(* Let $K,L,A$ be as in the context and suppose the $\lambda_t$ and $\Psi_i$ form an $A$-scaffold on $L$ of tolerance $\mathfrak{T}\ge1$ with shift parameters $b_1,\dots,b_n$. Let $s\in\mathbb{S}_{p^n}$ and $t\in\mathbb{S}_{p^n}(h)$. Let $\Psi$ be any element of $\Upsilon^{(s)}$, and set $\Phi=\pi^{-w(s)}\Psi$. Then: (i) If $s\preceq\mathfrak{a}(t)$, then there is a unit $y_{\Phi,t}\in\mathfrak{O}_K^\times$ such that $$\Phi\cdot\lambda_t\equiv\pi^{\epsilon(s,t)}y_{\Phi,t}\lambda_{H(s,t)}\pmod{\pi^{\epsilon(s,t)}\lambda_{H(s,t)}\mathfrak{P}_L^{\mathfrak{T}}}.$$ In particular, $v_L(\Phi\cdot\lambda_t)=H(s,t)$ if $s\preceq\mathfrak{a}(t)$ and $\epsilon(s,t)=0$, and $v_L(\Phi\cdot\lambda_t)=H(s,t)+p^n$ if $s\preceq\mathfrak{a}(t)$ and $\epsilon(s,t)=1$. (ii) If $s\not\preceq\mathfrak{a}(t)$, then $v_L(\Phi\cdot\lambda_t)\ge H(s,b)+\mathfrak{T}+t-b$.
   Context: Let $K$ be a field complete with respect to a discrete valuation, with residue field of characteristic $p>0$ (not necessarily perfect). Let $L/K$ be totally ramified of degree $p^n$; $v_K,v_L$ normalized valuations, $\mathfrak{O}_K$, $\mathfrak{P}_L$ as usual; $\pi$ a fixed uniformizer of $K$. Let $A$ be a $K$-algebra with $\dim_K A=p^n$ acting $K$-linearly on $L$. Let $\mathbb{S}_{p^n}=\{0,\dots,p^n-1\}$, $s=\sum_{i=1}^n s_{(n-i)}p^{n-i}$ with digits in $\{0,\dots,p-1\}$, $s\preceq t$ iff $s_{(n-i)}\le t_{(n-i)}$ for all $i$. Given integers $b_1,\dots,b_n$ prime to $p$, $\mathfrak{b}(s)=\sum_i s_{(n-i)}p^{n-i}b_i$; for $t\in\mathbb{Z}$, $\mathfrak{a}(t)\in\mathbb{S}_{p^n}$ is the unique element with $\mathfrak{b}(\mathfrak{a}(t))\equiv-t\pmod{p^n}$. An $A$-scaffold on $L$ of tolerance $\mathfrak{T}\ge1$ (possibly $\infty$) with shift parameters $b_1,\dots,b_n$ consists of: (i) $\lambda_t\in L$ ($t\in\mathbb{Z}$) with $v_L(\lambda_t)=t$ and $\lambda_{t_1}\lambda_{t_2}^{-1}\in K$ whenever $t_1\equiv t_2\pmod{p^n}$; (ii) $\Psi_1,\dots,\Psi_n\in A$ with $\Psi_i\cdot1=0$ such that for each $i,t$ there is $u_{i,t}\in\mathfrak{O}_K^\times$ with $\Psi_i\cdot\lambda_t\equiv u_{i,t}\lambda_{t+p^{n-i}b_i}$ if $\mathfrak{a}(t)_{(n-i)}\ge1$ and $\equiv0$ if $\mathfrak{a}(t)_{(n-i)}=0$, modulo $\lambda_{t+p^{n-i}b_i}\mathfrak{P}_L^{\mathfrak{T}}$ (equalities if $\mathfrak{T}=\infty$). For $s\in\mathbb{S}_{p^n}$, $\Upsilon^{(s)}$ is the set of monomials (words) in the not necessarily commuting elements $\Psi_1,\dots,\Psi_n$ in which, for each $i$, the exponents of $\Psi_i$ sum to $s_{(n-i)}$. Fix $h\in\mathbb{Z}$, $\mathbb{S}_{p^n}(h)=\{t\in\mathbb{Z}:h\le t<h+p^n\}$, $b\in\mathbb{S}_{p^n}(h)$ the unique element with $\mathfrak{a}(b)=p^n-1$, $r:\mathbb{Z}\to\mathbb{S}_{p^n}$ reduction mod $p^n$. For $s\in\mathbb{S}_{p^n}$, $t\in\mathbb{S}_{p^n}(h)$: $D(s,t)=\lfloor(\mathfrak{b}(s)+t-h)/p^n\rfloor$, $H(s,t)=h+r(\mathfrak{b}(s)+t-h)$, $d(s)=D(s,b)$, $w(s)=\min\{d(u)-d(u-s):u\in\mathbb{S}_{p^n},u\succeq s\}$, and, when $s\preceq\mathfrak{a}(t)$, $\epsilon(s,t)=D(s,t)-w(s)$. *)

From HB Require Import structures.
From mathcomp Require Import all_boot all_order all_algebra all_field.
Set Implicit Arguments. Unset Strict Implicit. Unset Printing Implicit Defensive.
Import Order.TTheory GRing.Theory Num.Theory.
Local Open Scope ring_scope.
Lemma iterE_bid_profile (P S : pred 'I_n)
    (h : 'I_n -> {ffun 'I_n -> 'I_K.+1} -> R -> R) (w : 'I_n -> R) :
  (forall i b, S i -> (D i).-integrable setT (EFin \o h i b)) ->
  iterE D S n (fun v => (\sum_(i | P i) h i (upd_bid (bprofile s v) i ord0) (v i))%:E) w
  = (\sum_(i | P i) \sum_(b : {ffun 'I_n -> 'I_K.+1}) \prod_(k < n)
       (if k == i then (b i == ord0)%:R * partial_integral S w i (h i b)
        else partial_integral S w k (fun z => (s k z == b k)%:R)))%:E.
Proof.
move=> h_int.
pose phi (ib : 'I_n * {ffun 'I_n -> 'I_K.+1}) k z :=
  if k == ib.1 then (ib.2 ib.1 == ord0)%:R * h ib.1 ib.2 z else (s k z == ib.2 k)%:R.
have phi_int ib k : S k -> (D k).-integrable setT (EFin \o phi ib k).
  rewrite /phi; case: eqP => [-> Si|_ _]; first exact/integrableZl_EFin/h_int.
  apply: (integrable_bool_indic (P := fun z => s k z == ib.2 k)) => //.
  by rewrite ltey_eq fin_num_measure.
rewrite (_ : (fun v => _) = fun v => (\sum_(ib | P ib.1 && xpredT ib.2)
                                        \prod_(k < n) phi ib k (v k))%:E); last first.
  apply: funext => v; rewrite -(pair_big P xpredT (fun i b => \prod_k phi (i, b) k (v k))).
  by congr EFin; apply: eq_bigr => i _; rewrite -sum_bid_profile_prod.
rewrite iterE_sum_prod // [in RHS]pair_big /=.
congr EFin; apply: eq_bigr => -[i b] _; apply: eq_bigr => k _.
rewrite ltn_ord /phi /partial_integral /=; case: (eqVneq k i) => [->|] //.
by case Si: (S i); rewrite ?RintegralZl //; exact: h_int.
Qed.

End bid_profiles.
Definition smallI (s : T -> R) (S eps : R) : {set T} := [set i | s i <= eps * S].
Definition largeJ (s : T -> R) (S eps : R) : {set T} := [set i | eps * S < s i].

Definition gsize (nJ : nat) (eps : R) : nat := maxn 1 (Num.truncn (nJ%:R * eps ^+ 2)).

(* rounded sizes: ordJ is J sorted by size; position p lies in group p %/ g;
   each item gets the maximum size in its group *)
Definition rounded (s : T -> R) (g : nat) (ordJ : seq T) (i : T) : R :=
  \big[Num.max/0]_(j <- ordJ | (index j ordJ %/ g == index i ordJ %/ g)%N) s j.

Inductive insert_step (s : T -> R) (S : R) :
    seq {set T} -> T -> seq {set T} -> Prop :=
| InsOld bins i j : (j < size bins)%N -> i \notin nth set0 bins j ->
    load s (nth set0 bins j) + s i <= S ->
    insert_step s S bins i (set_nth set0 bins j (i |: nth set0 bins j))
| InsNew bins i :
    (forall j, (j < size bins)%N -> i \notin nth set0 bins j ->
       S < load s (nth set0 bins j) + s i) ->
    insert_step s S bins i (rcons bins [set i]).

Inductive insert_run (s : T -> R) (S : R) :
    seq {set T} -> seq T -> seq {set T} -> Prop :=
| RunNil bins : insert_run s S bins [::] bins
| RunCons bins i xs bins' bins'' : insert_step s S bins i bins' ->
    insert_run s S bins' xs bins'' -> insert_run s S bins (i :: xs) bins''.

End KPack.

From HB Require Import structures.
From mathcomp Require Import all_boot all_order all_algebra.
From mathcomp Require Import lra zify.
Import Order.TTheory GRing.Theory Num.Theory.
Local Open Scope ring_scope.
Set Implicit Arguments. Unset Strict Implicit. Unset Printing Implicit Defensive.
Definition heads (q n : nat) : list nat :=
  filter (fun i => negb (Nat.eqb (Nat.modulo i q) 0)) (seq 1 n).

Definition depth (q n i : nat) : nat :=
  length (filter (fun s => Nat.leb (q ^ s * i) n) (seq 0 (S n))).

Definition jword (q : nat) (x : nat -> nat) (i k : nat) : list nat :=
  map (fun s => x (q ^ s * i - 1)%nat) (seq 0 k).

Lemma in_heads (q n i : nat) :
  In i (heads q n) <-> (1 <= i <= n)%nat /\ Nat.modulo i q <> 0%nat.
Proof.
  unfold heads. rewrite filter_In, in_seq, Bool.negb_true_iff, Nat.eqb_neq. lia.
Qed.

Lemma length_heads_le (q n : nat) : (length (heads q n) <= n)%nat.
Proof. unfold heads. rewrite <- (length_seq n 1) at 2. apply filter_length_le. Qed.

Lemma heads_mul_split (q n : nat) : (1 <= q)%nat ->
  exists r, heads q (q * n) = heads q n ++ r /\
            forall i, In i r -> (n < i <= q * n)%nat.
Proof.
  intros Hq. exists (filter (fun i => negb (Nat.eqb (Nat.modulo i q) 0)) (seq (1 + n) (q * n - n))).
  split.
  - unfold heads. rewrite <- filter_app, <- seq_app. do 2 f_equal. nia.
  - intros i Hi. apply filter_In in Hi as [Hi _]. apply in_seq in Hi. lia.
Qed.

Lemma length_heads_mul (q n : nat) : (2 <= q)%nat ->
  length (heads q (q * n)) = ((q - 1) * n)%nat.
Proof.
  intros Hq. induction n as [|n IH]; [now rewrite Nat.mul_0_r|].
  unfold heads in *. replace (q * S n)%nat with (q * n + (q - 1) + 1)%nat by nia.
  rewrite !seq_app, !filter_app, !length_app, IH, forallb_filter_id.
  - replace (1 + (q * n + (q - 1)))%nat with (S n * q)%nat by nia.
    cbn [seq filter]. rewrite Nat.Div0.mod_mul, length_seq. cbn [negb Nat.eqb length]. nia.
  - apply forallb_forall. intros y Hy. apply in_seq in Hy.
    apply Bool.negb_true_iff, Nat.eqb_neq.
    replace y with ((y - q * n) + n * q)%nat by nia.
    rewrite Nat.Div0.mod_add, Nat.mod_small; lia.
Qed.

Lemma heads_one (q : nat) : (2 <= q)%nat -> heads q 1 = [1%nat].
Proof. intros Hq. unfold heads. cbn. rewrite Nat.mod_small by lia. reflexivity. Qed.

Section Depth.

Variable q : nat.
Hypothesis hq : (2 <= q)%nat.

Lemma pow_mul_leb_downward_closed (n i s s' : nat) : (s' <= s)%nat ->
  Nat.leb (q ^ s * i) n = true -> Nat.leb (q ^ s' * i) n = true.
Proof.
  intros Hs Hle. apply Nat.leb_le in Hle. apply Nat.leb_le.
  enough (q ^ s' <= q ^ s)%nat by nia. apply Nat.pow_le_mono_r; lia.
Qed.

Lemma depth_spec (n i s : nat) : (1 <= i)%nat ->
  (q ^ s * i <= n)%nat <-> (s < depth q n i)%nat.
Proof.
  intros Hi. unfold depth.
  set (F := filter (fun s => Nat.leb (q ^ s * i) n) (seq 0 (S n))).
  assert (HF : F = seq 0 (length F)).
  { apply filter_seq0_downward_closed, pow_mul_leb_downward_closed. }
  transitivity (In s F).
  - unfold F. rewrite filter_In, in_seq, Nat.leb_le.
    assert (Hs := Nat.pow_gt_lin_r q s ltac:(lia)). split; [nia | tauto].
  - rewrite HF at 1. rewrite in_seq. lia.
Qed.

Lemma depth_unique (n i k : nat) : (1 <= i)%nat ->
  (forall s, (q ^ s * i <= n)%nat <-> (s < k)%nat) -> depth q n i = k.
Proof.
  intros Hi Hk.
  destruct (Nat.lt_trichotomy (depth q n i) k) as [Hlt | [Heq | Hlt]]; [|exact Heq|].
  - apply Hk, depth_spec in Hlt; lia.
  - apply depth_spec, Hk in Hlt; lia.
Qed.

Lemma depth_mul_old (n i : nat) : (1 <= i <= n)%nat ->
  depth q (q * n) i = S (depth q n i).
Proof.
  intros Hi. apply depth_unique; [lia|]. intros [|s].
  - cbn. nia.
  - rewrite Nat.pow_succ_r', <- Nat.mul_assoc, <- Nat.mul_le_mono_pos_l by lia.
    rewrite depth_spec by lia. lia.
Qed.

Lemma depth_mul_new (n i : nat) : (n < i <= q * n)%nat -> depth q (q * n) i = 1%nat.
Proof.
  intros Hi. apply depth_unique; [lia|]. intros [|s].
  - cbn. lia.
  - split; [|lia]. rewrite Nat.pow_succ_r', <- Nat.mul_assoc.
    rewrite <- Nat.mul_le_mono_pos_l by lia. intros Hle.
    assert (1 <= q ^ s)%nat by (apply Nat.neq_0_lt_0, Nat.pow_nonzero; lia). nia.
Qed.

Lemma depth_one : depth q 1 1 = 1%nat.
Proof. destruct q as [|[|q']]; [lia | lia | reflexivity]. Qed.

Lemma restrJ_jword (x : nat -> nat) (n i : nat) :
  restrJ q x n i = jword q x i (depth q n i).
Proof.
  unfold restrJ, jword, depth. f_equal.
  apply filter_seq0_downward_closed, pow_mul_leb_downward_closed.
Qed.

End Depth.

Lemma length_jword (q : nat) (x : nat -> nat) (i k : nat) : length (jword q x i k) = k.
Proof. unfold jword. now rewrite length_map, length_seq. Qed.

Lemma firstn_jword (q : nat) (x : nat -> nat) (i j k : nat) : (j <= k)%nat ->
  firstn j (jword q x i k) = jword q x i j.
Proof.
  intros Hjk. unfold jword. rewrite firstn_map. f_equal.
  replace k with (j + (k - j))%nat by lia.
  rewrite seq_app, firstn_app, firstn_all2, length_seq, Nat.sub_diag by (rewrite length_seq; lia).
  apply app_nil_r.
Qed.

Section Entropy.

Variables (m q : nat) (Om : (nat -> nat) -> Prop) (t : list nat -> R) (x : nat -> nat).
Hypotheses (hm : (2 <= m)%nat) (hq : (2 <= q)%nat)
  (ht : t_condition m q Om t) (hx : X_Om m q Om x).

Lemma Pref_jword (i k : nat) : (1 <= i)%nat -> Nat.modulo i q <> 0%nat ->
  Pref Om (jword q x i k).
Proof.
  intros Hi Hiq. exists (fun l => x (i * q ^ l - 1)%nat). split; [now apply hx|].
  intros j Hj. rewrite length_jword in Hj. unfold jword.
  rewrite nth_indep with (d' := (fun s => x (q ^ s * i - 1)%nat) 0%nat)
    by (rewrite length_map, length_seq; lia).
  rewrite (map_nth (fun s => x (q ^ s * i - 1)%nat)), seq_nth by lia.
  cbn. now rewrite Nat.mul_comm.
Qed.

Definition lnt (i j : nat) : R := ln (t (jword q x i j)).

Definition lnt_max : R := ln (Rpower (INR m) (/ (INR q - 1))).

Lemma t_jword_bounds (i k : nat) : (1 <= i)%nat -> Nat.modulo i q <> 0%nat ->
  1 <= t (jword q x i k) <= Rpower (INR m) (/ (INR q - 1)).
Proof. intros Hi Hiq. exact (proj1 (ht _ (Pref_jword i k Hi Hiq))). Qed.

Lemma lnt_bounds (i j : nat) : (1 <= i)%nat -> Nat.modulo i q <> 0%nat ->
  0 <= lnt i j <= lnt_max.
Proof.
  intros Hi Hiq. destruct (t_jword_bounds i j Hi Hiq) as [H1 H2]. unfold lnt, lnt_max.
  rewrite <- ln_1. split; apply ln_le_ln; lra.
Qed.

Lemma lnt_nil (i : nat) : lnt i 0 = ln (t []).
Proof. reflexivity. Qed.

Lemma mu_jword (i k : nat) : (1 <= i)%nat -> Nat.modulo i q <> 0%nat ->
  mu_cyl q Om t (jword q x i k) =
  Rprod_list (map (fun j => t (jword q x i j) / t (jword q x i (j - 1)) ^ q) (seq 1 k)).
Proof.
  intros Hi Hiq. unfold mu_cyl, Defs.Pind.
  destruct (excluded_middle_informative (Pref Om (jword q x i k))) as [_ | Hnot];
    [| now contradiction (Pref_jword i k Hi Hiq)].
  rewrite Rmult_1_l, length_jword. f_equal. apply map_ext_in.
  intros j Hj. apply in_seq in Hj. rewrite !firstn_jword by lia. reflexivity.
Qed.

Lemma ln_mu_jword (i k : nat) : (1 <= i)%nat -> Nat.modulo i q <> 0%nat ->
  0 < mu_cyl q Om t (jword q x i k) /\
  ln (mu_cyl q Om t (jword q x i k)) =
  Rsum_list (map (lnt i) (seq 1 k)) + - INR q * Rsum_list (map (lnt i) (seq 0 k)).
Proof.
  intros Hi Hiq. rewrite mu_jword by assumption.
  assert (Ht := fun j => t_jword_bounds i j Hi Hiq).
  destruct (ln_Rprod_list _ (fun j => t (jword q x i j) / t (jword q x i (j - 1)) ^ q) (seq 1 k))
    as [Hpos Hln].
  { intros j _. assert (H1 := Ht j). assert (H2 := Ht (j - 1)%nat).
    apply Rdiv_lt_0_compat; [lra | apply pow_lt; lra]. }
  split; [exact Hpos|]. rewrite Hln, <- seq_shift, !map_map, <- Rsum_map_scal, <- Rsum_map_plus.
  f_equal. apply map_ext. intros j. cbn [Nat.sub]. rewrite Nat.sub_0_r.
  assert (H1 := Ht (S j)). assert (H2 := Ht j).
  unfold Rdiv, lnt.
  rewrite ln_mult, ln_Rinv, ln_pow by (try apply Rinv_0_lt_compat; try apply pow_lt; lra).
  ring.
Qed.

Definition Lambda (n : nat) : R :=
  Rsum_list (map (fun i => Rsum_list (map (lnt i) (seq 0 (depth q n i)))) (heads q n)).

Lemma ln_Pmu_prefix (n : nat) :
  ln (Pmu_prefix q Om t x n) =
  Rsum_list (map (fun i => Rsum_list (map (lnt i) (seq 1 (depth q n i)))) (heads q n))
  + - INR q * Lambda n.
Proof.
  unfold Pmu_prefix, Lambda. change (filter _ (seq 1 n)) with (heads q n).
  rewrite <- Rsum_map_scal, <- Rsum_map_plus.
  assert (Hmu : forall i, In i (heads q n) ->
    0 < mu_cyl q Om t (restrJ q x n i) /\
    ln (mu_cyl q Om t (restrJ q x n i)) =
    Rsum_list (map (lnt i) (seq 1 (depth q n i)))
    + - INR q * Rsum_list (map (lnt i) (seq 0 (depth q n i)))).
  { intros i Hi. apply in_heads in Hi as [Hi Hiq].
    rewrite restrJ_jword by exact hq. now apply ln_mu_jword. }
  destruct (ln_Rprod_list _ (fun i => mu_cyl q Om t (restrJ q x n i)) (heads q n))
    as [_ ->]; [now intros i Hi; apply Hmu |].
  f_equal. apply map_ext_in. intros i Hi. now apply Hmu.
Qed.

Lemma Lambda_mul (n : nat) :
  Lambda (q * n) =
  Rsum_list (map (fun i => Rsum_list (map (lnt i) (seq 1 (depth q n i)))) (heads q n))
  + INR (length (heads q (q * n))) * ln (t []).
Proof.
  destruct (heads_mul_split q n ltac:(lia)) as [r [Hsplit Hr]].
  unfold Lambda. rewrite Hsplit, map_app, Rsum_list_app, length_app, plus_INR.
  assert (Hold : Rsum_list (map (fun i => Rsum_list (map (lnt i) (seq 0 (depth q (q * n) i))))
                                (heads q n)) =
    Rsum_list (map (fun i => Rsum_list (map (lnt i) (seq 1 (depth q n i)))) (heads q n))
    + INR (length (heads q n)) * ln (t [])).
  { rewrite <- Rsum_map_const, <- Rsum_map_plus. f_equal. apply map_ext_in.
    intros i Hi. apply in_heads in Hi as [Hi _].
    rewrite depth_mul_old by lia. cbn [seq map]. rewrite Rsum_list_cons, lnt_nil. ring. }
  assert (Hnew : Rsum_list (map (fun i => Rsum_list (map (lnt i) (seq 0 (depth q (q * n) i)))) r)
                 = INR (length r) * ln (t [])).
  { rewrite <- Rsum_map_const. f_equal. apply map_ext_in. intros i Hi.
    rewrite depth_mul_new by (exact hq || apply Hr, Hi). cbn [seq map].
    rewrite Rsum_list_cons, lnt_nil. cbn. ring. }
  rewrite Hold, Hnew. ring.
Qed.

Lemma ln_Pmu_prefix_Lambda (n : nat) :
  ln (Pmu_prefix q Om t x n) =
  Lambda (q * n) - INR q * Lambda n - INR ((q - 1) * n) * ln (t []).
Proof. rewrite ln_Pmu_prefix, Lambda_mul, length_heads_mul by exact hq. ring. Qed.

Lemma ln_t_nil_bounds : 0 <= ln (t []) <= lnt_max.
Proof.
  rewrite <- (lnt_nil 1). apply lnt_bounds; [lia|]. rewrite Nat.mod_small; lia.
Qed.

Lemma Lambda_nonneg (n : nat) : 0 <= Lambda n.
Proof.
  apply Rsum_map_nonneg. intros i Hi. apply in_heads in Hi as [Hi Hiq].
  apply Rsum_map_nonneg. intros j _. apply lnt_bounds; [lia | exact Hiq].
Qed.

Lemma Lambda_mul_le (n : nat) : Lambda (q * n) <= Lambda n + INR (q * n) * lnt_max.
Proof.
  rewrite Lambda_mul, length_heads_mul by exact hq.
  assert (Hstep : Rsum_list (map (fun i => Rsum_list (map (lnt i) (seq 1 (depth q n i)))) (heads q n))
                  <= Lambda n + INR (length (heads q n)) * lnt_max).
  { unfold Lambda. rewrite <- Rsum_map_const, <- Rsum_map_plus. apply Rsum_map_le.
    intros i Hi. apply in_heads in Hi as [Hi Hiq]. rewrite Rsum_seq_shift.
    assert (H0 := lnt_bounds i 0 ltac:(lia) Hiq).
    assert (HK := lnt_bounds i (depth q n i) ltac:(lia) Hiq). lra. }
  assert (Hheads : INR (length (heads q n)) <= INR n) by apply le_INR, length_heads_le.
  destruct ln_t_nil_bounds as [Ht0 HtM].
  rewrite !mult_INR, minus_INR in * by lia. cbn [INR] in *.
  assert (HM : 0 <= lnt_max) by lra. assert (Hq : 2 <= INR q) by (apply (le_INR 2); exact hq).
  assert (INR (length (heads q n)) * lnt_max <= INR n * lnt_max) by (apply Rmult_le_compat_r; lra).
  assert ((INR q - 1) * INR n * ln (t []) <= (INR q - 1) * INR n * lnt_max).
  { apply Rmult_le_compat_l; [apply Rmult_le_pos; [lra | apply pos_INR] | exact HtM]. }
  nra.
Qed.

Lemma Lambda_pow_le (l : nat) : Lambda (q ^ l) <= 2 * lnt_max * INR (q ^ l).
Proof.
  destruct ln_t_nil_bounds as [Ht0 HtM].
  induction l as [|l IH].
  - unfold Lambda. cbn [Nat.pow]. rewrite heads_one by exact hq.
    cbn [map]. rewrite depth_one by exact hq. cbn. rewrite lnt_nil. lra.
  - rewrite Nat.pow_succ_r'. eapply Rle_trans; [apply Lambda_mul_le|].
    rewrite !mult_INR. assert (Hq : 2 <= INR q) by (apply (le_INR 2); exact hq).
    assert (0 <= INR (q ^ l)) by apply pos_INR.
    assert (0 <= lnt_max * INR (q ^ l) * (INR q - 2)) by (repeat apply Rmult_le_pos; lra).
    nra.
Qed.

- - -

*TASK DETAILS*. Please return the lines above that run from the line containing "exists r, heads" to the line containing "unfold heads in", inclusive, exactly and with no other lines.

*WRITTEN SOLUTION*.
  exists r, heads q (q * n) = heads q n ++ r /\
            forall i, In i r -> (n < i <= q * n)%nat.
Proof.
  intros Hq. exists (filter (fun i => negb (Nat.eqb (Nat.modulo i q) 0)) (seq (1 + n) (q * n - n))).
  split.
  - unfold heads. rewrite <- filter_app, <- seq_app. do 2 f_equal. nia.
  - intros i Hi. apply filter_In in Hi as [Hi _]. apply in_seq in Hi. lia.
Qed.

Lemma length_heads_mul (q n : nat) : (2 <= q)%nat ->
  length (heads q (q * n)) = ((q - 1) * n)%nat.
Proof.
  intros Hq. induction n as [|n IH]; [now rewrite Nat.mul_0_r|].
  unfold heads in *. replace (q * S n)%nat with (q * n + (q - 1) + 1)%nat by nia.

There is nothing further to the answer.